The forest guards then distributed seed and gave planting advice to local village chiefs in appropriate regions. This program is known as the MA-LU (MAntri kehutanan is Indonesian for forest guards and LUrah for village leaders). The MA-LU program also oversees the distribution of tree species other than calliandra and is involved in additional forestry extension. (See papers by Sukiman Atmosudaryo in Selected Readings.)
Under the MA-LU program, regional demonstrations were organized and groups of 50 to 100 village chiefs were brought in to visit the test plots. Here, local village leaders told their visiting counterparts about calliandra and its value to their people. Unless questioned, the foresters remained silent.
With these activities, calliandra began to attract increasing recognition, and, as more village chiefs asked for help, a series of quarter-hectare, temporary nurseries were set up for the production of calliandra seedlings. Once trees were established, the seedling nurseries were moved to a new area. Perum Perhutani staff refer to this plan as a "creeping nursery."
In the late 1970s these efforts gave rise to a spontaneous distribution of calliandra seed among the network of village chiefs-a true sel[-perpetuating "greening" movement began.
Today people plant calliandra for themselves, and the plant can be seen in villages throughout Java. It is popular because it grows well in many types of soil, destroys the tangle of weeds, and improves soil fertility. It also increases the income of the village by providing firewood, honey, and feed for sheep, water buffalo, goats, and chickens.
Perum Perhutani now uses calliandra to foster a cooperative relationship between villagers and the surrounding forest. For example, it will plant stands of calliandra close to villages to provide forage and firewood. However, the village chief must pledge that, in exchange, the nearby forest plantings and native forests will be left untouched.
In a separate program on some sites, Perum Perhutani also lets villagers earn firewood. If they collect three stacked-meters of calliandra wood for the corporation, they receive a fourth stacked-meter of wood for themselves. The corporation also pays villagers to collect calliandra seed, which is then used for planting elsewhere in and outside Java. In this way calliandra is of daily benefit to the nearby villages.
This is a sensitive approach. Its success depends on motivating people to grow wood on fringe areas, including their yards, dry fields, and rice-field dikes, while protecting the forest plantation itself. It has not been successful everywhere-forest guards and forest administrators often have trouble seeing themselves as part of village development. But in many areas there is now cooperation between the forest guards and the villagers, and today calliandra is the source of the products that used to be stolen from the forests.

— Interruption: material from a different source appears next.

(* Let $s,k,g,l$ be indices with $k\ge1$, $1\le l\le k-1$, $r_l\ge r_s$, $0\le g\le n-1$. (a) If there is a job $j<k$ with $r_s\le r_j<r_l$ and $C^{\mathrm{edf}}_{s,j}>r_l$, then $P_{s,k,g,l}=+\infty$. (b) $P_{s,k,g,l}=0$ if and only if $U_{s,k-1,g}\ge r_l$ and every job $j<k$ with $r_s\le r_j<r_l$ satisfies $C^{\mathrm{edf}}_{s,j}\le r_l$.
   Context: Time is discrete (slots $[t,t+1)$). There are $n$ jobs, job $j$ with integer processing time $p_j\ge1$, release time $r_j$, deadline $d_j$; jobs are indexed so that $d_1<\dots<d_n$, release times are pairwise distinct, and the instance is feasible. A (partial, preemptive) schedule assigns to each slot at most one job so that each job it schedules receives exactly $p_j$ slots in $[r_j,d_j)$, with the earliest-deadline property (whenever busy at slot $t$, run the released, not yet completed scheduled job of smallest deadline). $C_{\max}(S)$ is its completion time. For $s\in\{1,\dots,n\}$, $k\in\{0,\dots,n\}$, an $(s,k)$-schedule is a schedule $S$ with $C_{\max}(S)\le d_k$ scheduling exactly the jobs $j\le k$ with $r_s\le r_j<C_{\max}(S)$; the empty schedule counts, with $C_{\max}=r_s$. Gaps of an $(s,k)$-schedule: maximal idle intervals between its blocks (maximal busy intervals), plus the idle interval from $r_s$ to the first block if nonempty; for $t\ge C_{\max}(S)$, the gaps of $S$ with respect to $[r_s,t)$ are its gaps together with $[C_{\max}(S),t)$ if $C_{\max}(S)<t$. $U_{s,k,g}$ is the maximum completion time of an $(s,k)$-schedule with at most $g$ gaps. For $p\ge0$, an $(s,k,p)$-schedule is an $(s,k)$-schedule for the modified instance with $r_k$ replaced by $\max\{r_s,r_k\}$ and $p_k$ by $p$. $\mathrm{prevr}_{k'}(t)=\max\{r_j: j\le k',\ r_j<t\}$ ($-\infty$ if no such $j$). $P_{s,k,g,l}$ is the minimum integer $p\ge0$ for which there is an $(s,k,p)$-schedule $S$ with $\mathrm{prevr}_{k-1}(r_l)<C_{\max}(S)\le r_l$ having at most $g$ gaps with respect to $[r_s,r_l)$, and $+\infty$ if none exists. For $r_j\ge r_s$, $C^{\mathrm{edf}}_{s,j}$ is the minimum completion time of job $j$ over all $(s,j)$-schedules that schedule $j$. *)

From mathcomp Require Import all_boot.
From Stdlib Require Import ClassicalEpsilon.
Set Implicit Arguments. Unset Strict Implicit. Unset Printing Implicit Defensive.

This enlightened program of forest management has helped Perum Perhutani engender the rural populace's enthusiastic support for its projects and for calliandra. In building village prosperity the corporation foregoes considerable profit, but in return its own plantations are protected and even improved by the nearby inhabitants. The idea, according to Sukiman Atmosudaryo, is to develop forests for the people and people for the forests.
Foresters have to live with the environment, he says, and people are part of it.